ITH Poker Forum

[seanof30306]

So, this is being discussed at a table I'm dealing at last night. The consensus of the math wizards at the table is the solution is 47 unknown cards on the flop * 46 unknown cards on the turn, or 2162. Another chimes in that no, it would be 2161:1. Another chimes in and says no, you have to divide 2162 by 2, then subtract 1 to get the odds

(2162 / 2) - 1:1
1081 - 1:1
1080:1

I said, in this instance, the shotgun method would be accurate, since there is only one combination that delivers quads, but the correct way to solve problems over two cards is to use combinations. I did this proof:


Hold a pocket pair (or flop a pair); determine the odds of making runner-runner quads (turn and river)


1: Determine known/unknown cards:

5 known cards (2 you hold + 3 on flop)

47 remaining unknown cards (52 cards in the deck - 5 known cards)


2: Determine the number of possible two card combinations from the remaining 47 unknown cards:

47 * 46 / 2 * 1
2162 / 2
1081 = number of possible two card combinations from the remaining 47 unknown cards


3: Determine the number of two card combinations that will make quads:

1 = No math needed, there is only one combination that makes quads.

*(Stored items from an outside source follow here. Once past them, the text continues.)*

Lemma d_zero_small a k d : 0 < k -> 0 < a < 1 -> d < d_zero a k ->
  4 * d * (k + 1) <= a ^ 2 /\ 4 * d * (k + 1) <= (1 - a) ^ 2.
Proof.
intros hk ha hd; unfold d_zero in hd.
apply Rlt_div_r in hd; [|lra].
pose proof (Rmin_l (k * d_plus a k) (d_minus a)); pose proof (Rmin_r (k * d_plus a k) (d_minus a)).
pose proof (d_plus_le a k hk ha); pose proof (d_minus_le a ha).
split; lra.
Qed.

Lemma Rmin_quarter_squares k a : 0 < k -> 0 < a < 1 ->
  (a <= 1 / (1 / sqrt k + 1) -> Rmin (a ^ 2 / (4 * k)) ((1 - a) ^ 2 / 4) = a ^ 2 / (4 * k)) /\
  (a >= 1 / (1 / sqrt k + 1) -> Rmin (a ^ 2 / (4 * k)) ((1 - a) ^ 2 / 4) = (1 - a) ^ 2 / 4).
Proof.
intros hk ha.
set (s := sqrt k).
assert (hs : 0 < s) by (apply sqrt_lt_R0; lra).
assert (hss : s * s = k) by (apply sqrt_sqrt; lra).
set (P := (1 + s) * (a + s * (1 - a)) / (4 * k)).
assert (hP : 0 < P) by (apply Rdiv_lt_0_compat; nra).
assert (Hfactor : a ^ 2 / (4 * k) - (1 - a) ^ 2 / 4 = P * (a - 1 / (1 / s + 1)))
  by (unfold P; rewrite <- hss; field; lra).
split; intro h; [apply Rmin_left|apply Rmin_right]; nra.
Qed.
Theorem proposition2p8 (k a : R) (hk : 0 < k) (ha : 0 < a < 1) :
  (* (i) *)
  ((a <= 1 / (1 / sqrt k + 1) ->
      Rmin (a ^ 2 / (4 * k)) ((1 - a) ^ 2 / 4) = a ^ 2 / (4 * k)) /\
   (a >= 1 / (1 / sqrt k + 1) ->
      Rmin (a ^ 2 / (4 * k)) ((1 - a) ^ 2 / 4) = (1 - a) ^ 2 / 4) /\
   (forall d : R, 0 < d -> d < Rmin (a ^ 2 / (4 * k)) ((1 - a) ^ 2 / 4) ->
      forall (c : R) (Phi : R -> R), monotone_tw_solution a d k c Phi -> c = 0)) /\
  (* (ii) *)
  ((forall d : R, 0 < d -> d < d_zero a k ->
      forall s : Z -> bool,
        exists Phi : R -> R, stationary_solution a d k Phi /\
          forall i : Z,
            (s i = false -> 0 <= Phi (IZR i) < a) /\
            (s i = true -> a < Phi (IZR i) <= 1)) /\
   (forall d : R, 0 < d -> d < d_zero a k ->
      exists F : nat -> R -> R,
        (forall n m, F n = F m -> n = m) /\
        forall n, stationary_solution a d k (F n) /\
                  exists M, forall xi, Rabs (F n xi) <= M)) /\
  (* (iii) *)
  (1 < k -> forall d : R, a ^ 2 / (4 * (sqrt k - 1) ^ 2) < d ->
      forall (c : R) (Phi : R -> R), monotone_tw_solution a d k c Phi -> c < 0).
Proof.
split; [|split].
- destruct (Rmin_quarter_squares k a hk ha) as [Hleft Hright].
  split; [exact Hleft|split; [exact Hright|]].
  intros d hd hdmin c Phi Hsol.
  pose proof (Rmin_l (a ^ 2 / (4 * k)) ((1 - a) ^ 2 / 4)) as Hl.
  pose proof (Rmin_r (a ^ 2 / (4 * k)) ((1 - a) ^ 2 / 4)) as Hr.
  assert (Hdk : d * (4 * k) < a ^ 2) by (apply Rlt_div_r; lra).
  apply (monotone_tw_pinned a d k c Phi hk ha hd); [lra|lra|exact Hsol].
- split; intros d hd hdz; destruct (d_zero_small a k d hk ha hdz) as [hsmall1 hsmall2].
  + intro s.
    destruct (stationary_solution_with_pattern a d k s hk ha hd hsmall1 hsmall2)
      as [Phi [Hst [Hpat _]]].
    now exists Phi.
  + exact (infinitely_many_bounded_stationary_solutions a d k hk ha hd hsmall1 hsmall2).
- intros hk1 d hd c Phi Hsol.
  assert (Hsigma : 0 < (sqrt k - 1) ^ 2)
    by (apply pow_lt; pose proof (one_lt_sqrt k hk1); lra).
  assert (Hd : a ^ 2 < d * (4 * (sqrt k - 1) ^ 2)) by (apply Rlt_div_l; lra).
  assert (hd0 : 0 < d).
  { apply (Rmult_lt_reg_r (4 * (sqrt k - 1) ^ 2)); [lra|].
    assert (0 < a ^ 2) by (apply pow_lt; lra); lra. }
  apply (monotone_tw_speed_neg a d k c Phi hk1 ha hd0); [lra|exact Hsol].
Qed.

4: Divide the number of combinations that will make quads by the total number of combinations:

1 combination makes quads

1081 possibe two card combinations

1/1081
0.00093 = % chance of making runner-runner quads from the flop to the river


5. Convert percentage to odds:

(1081 - 1):1
1080:1 = odds of making runner-runner quads from the flop to the river


Second, since making quads require both of the remaing outs, and since there is a 0% chance of making quads if any of the active opponents in the hand hold one, or both of those outs, would you not have to add cards held by active opponents to the known cards, and subtract them from unknown cards? I understand you normally would't do that, but in this case, you can only make quads if they don't hold one or both of your outs.

[the_hawk]

You have 2 outs on the turn and 1 on the river if you hit the turn, so your numbers look right (2/47 * 1/46).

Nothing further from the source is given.